Items from a data source:
-*-*-
(* A factorization of [f + g] through [Z] yields one of [f] through [Z * 'rV_n]. *)
Lemma irreducible_addr (f g : M -> N) :
  factors_through_rV g -> irreducible_hom f -> irreducible_hom (fun x => f x + g x).
Proof.
move=> g_rV [f_nsm [f_nse f_fact]].
split; first by move/(split_mono_addr_iff f g_rV).
split; first by move/(split_epi_addr_iff f g_rV).
move=> Z a b Z_fg fgE; have [n [h [k gE]]] := g_rV.
have aL : linear (fun x => (a x, h x)) by move=> c x y; rewrite !linearP.
have bL : linear (fun zr : Z * 'rV[R]_n => b zr.1 - k zr.2).
  by move=> c [z r] [z' r']; rewrite /= linearP [k _]linearP scalerBr opprD addrACA.
have fE x : f x = mklinear bL (mklinear aL x) by rewrite /= -fgE gE addrK.
have ZR_fg := fingen_pair Z_fg (fingen_rV R n).
case: (f_fact _ (mklinear aL) (mklinear bL) ZR_fg fE) => [[s bs] | [p pa]].
  left; have [w [_ wK]] := id_plus_max_comp_inverse (phi := snd \o s) k
    (row_form_in_max N_nfs (snd \o s)).
  exists (fst \o s \o w) => y /=.
  by have /eqP := bs (w y); rewrite /= subr_eq => /eqP ->; apply: wK.
right; have qL : linear (fun r => p (0, r)).
  move=> c r r'; rewrite -linearP; congr (p _).
  by apply: injective_projections; rewrite /= ?scaler0 ?addr0.
have [w [wK _]] := id_plus_max_comp_inverse (phi := -%R \o h) (mklinear qL)
  (row_form_in_max M_nfs (-%R \o h)).
have rL : linear (fun z => p (z, 0)).
  move=> c z z'; rewrite -linearP; congr (p _).
  by apply: injective_projections; rewrite /= ?scaler0 ?addr0.
exists (w \o mklinear rL) => x /=.
have -> : p (a x, 0) = x + p (0, - h x).
  have -> : (a x, 0) = (a x, h x) + (0, - h x).
    by apply: injective_projections; rewrite /= ?addr0 ?subrr.
  by rewrite linearD pa.
exact: wK.
Qed.

Lemma irreducible_addr_iff (f g : M -> N) :
  factors_through_rV g -> irreducible_hom f <-> irreducible_hom (fun x => f x + g x).
Proof. exact: (addr_factors_iff (P := @irreducible_hom R M N) irreducible_addr). Qed.

End AddFactorsThroughFree.
End LocalRing.

Theorem lemma2p3 (R : comUnitRingType)
  (hG : gorenstein_local_ring R) (hH : henselian_local_ring R)
  (M N : lmodType R) (hM : fingen M) (hN : fingen N)
  (hM0 : no_free_summand M) (hN0 : no_free_summand N)
  (f g : {linear M -> N}) (hg : factors_through_free g) :
  let fg := fun x => f x + g x in
  [/\ is_iso f <-> is_iso fg,
      split_epi f <-> split_epi fg,
      split_mono f <-> split_mono fg &
      irreducible_hom f <-> irreducible_hom fg].
Proof.
move=> fg.
have [[m [m_max m_unique]] _] := hH.
have g_rV := factors_through_free_rV hM hg.
have epi : split_epi f <-> split_epi fg := split_epi_addr_iff m_max m_unique hM0 f g_rV.
have mono : split_mono f <-> split_mono fg := split_mono_addr_iff m_max m_unique hM0 f g_rV.
have irr : irreducible_hom f <-> irreducible_hom fg :=
  irreducible_addr_iff m_max m_unique hM0 hN0 f g_rV.
have fL : linear f by move=> a x y; rewrite linearP.
have fgL : linear fg by move=> a x y; rewrite /fg !linearP scalerDr addrACA.
split=> //; have := bijective_split fL; have := bijective_split fgL; rewrite /is_iso; tauto.
Qed.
-*-*-
▶ _Exercise_: Give back the records above, character for character.

▶ _Response area_:
(* A factorization of [f + g] through [Z] yields one of [f] through [Z * 'rV_n]. *)
Lemma irreducible_addr (f g : M -> N) :
  factors_through_rV g -> irreducible_hom f -> irreducible_hom (fun x => f x + g x).
Proof.
move=> g_rV [f_nsm [f_nse f_fact]].
split; first by move/(split_mono_addr_iff f g_rV).
split; first by move/(split_epi_addr_iff f g_rV).
move=> Z a b Z_fg fgE; have [n [h [k gE]]] := g_rV.
have aL : linear (fun x => (a x, h x)) by move=> c x y; rewrite !linearP.
have bL : linear (fun zr : Z * 'rV[R]_n => b zr.1 - k zr.2).
  by move=> c [z r] [z' r']; rewrite /= linearP [k _]linearP scalerBr opprD addrACA.
have fE x : f x = mklinear bL (mklinear aL x) by rewrite /= -fgE gE addrK.
have ZR_fg := fingen_pair Z_fg (fingen_rV R n).
case: (f_fact _ (mklinear aL) (mklinear bL) ZR_fg fE) => [[s bs] | [p pa]].
  left; have [w [_ wK]] := id_plus_max_comp_inverse (phi := snd \o s) k
    (row_form_in_max N_nfs (snd \o s)).
  exists (fst \o s \o w) => y /=.
  by have /eqP := bs (w y); rewrite /= subr_eq => /eqP ->; apply: wK.
right; have qL : linear (fun r => p (0, r)).
  move=> c r r'; rewrite -linearP; congr (p _).
  by apply: injective_projections; rewrite /= ?scaler0 ?addr0.
have [w [wK _]] := id_plus_max_comp_inverse (phi := -%R \o h) (mklinear qL)
  (row_form_in_max M_nfs (-%R \o h)).
have rL : linear (fun z => p (z, 0)).
  move=> c z z'; rewrite -linearP; congr (p _).
  by apply: injective_projections; rewrite /= ?scaler0 ?addr0.
exists (w \o mklinear rL) => x /=.
have -> : p (a x, 0) = x + p (0, - h x).
  have -> : (a x, 0) = (a x, h x) + (0, - h x).
    by apply: injective_projections; rewrite /= ?addr0 ?subrr.
  by rewrite linearD pa.
exact: wK.
Qed.

Lemma irreducible_addr_iff (f g : M -> N) :
  factors_through_rV g -> irreducible_hom f <-> irreducible_hom (fun x => f x + g x).
Proof. exact: (addr_factors_iff (P := @irreducible_hom R M N) irreducible_addr). Qed.

End AddFactorsThroughFree.
End LocalRing.

Theorem lemma2p3 (R : comUnitRingType)
  (hG : gorenstein_local_ring R) (hH : henselian_local_ring R)
  (M N : lmodType R) (hM : fingen M) (hN : fingen N)
  (hM0 : no_free_summand M) (hN0 : no_free_summand N)
  (f g : {linear M -> N}) (hg : factors_through_free g) :
  let fg := fun x => f x + g x in
  [/\ is_iso f <-> is_iso fg,
      split_epi f <-> split_epi fg,
      split_mono f <-> split_mono fg &
      irreducible_hom f <-> irreducible_hom fg].
Proof.
move=> fg.
have [[m [m_max m_unique]] _] := hH.
have g_rV := factors_through_free_rV hM hg.
have epi : split_epi f <-> split_epi fg := split_epi_addr_iff m_max m_unique hM0 f g_rV.
have mono : split_mono f <-> split_mono fg := split_mono_addr_iff m_max m_unique hM0 f g_rV.
have irr : irreducible_hom f <-> irreducible_hom fg :=
  irreducible_addr_iff m_max m_unique hM0 hN0 f g_rV.
have fL : linear f by move=> a x y; rewrite linearP.
have fgL : linear fg by move=> a x y; rewrite /fg !linearP scalerDr addrACA.
split=> //; have := bijective_split fL; have := bijective_split fgL; rewrite /is_iso; tauto.
Qed.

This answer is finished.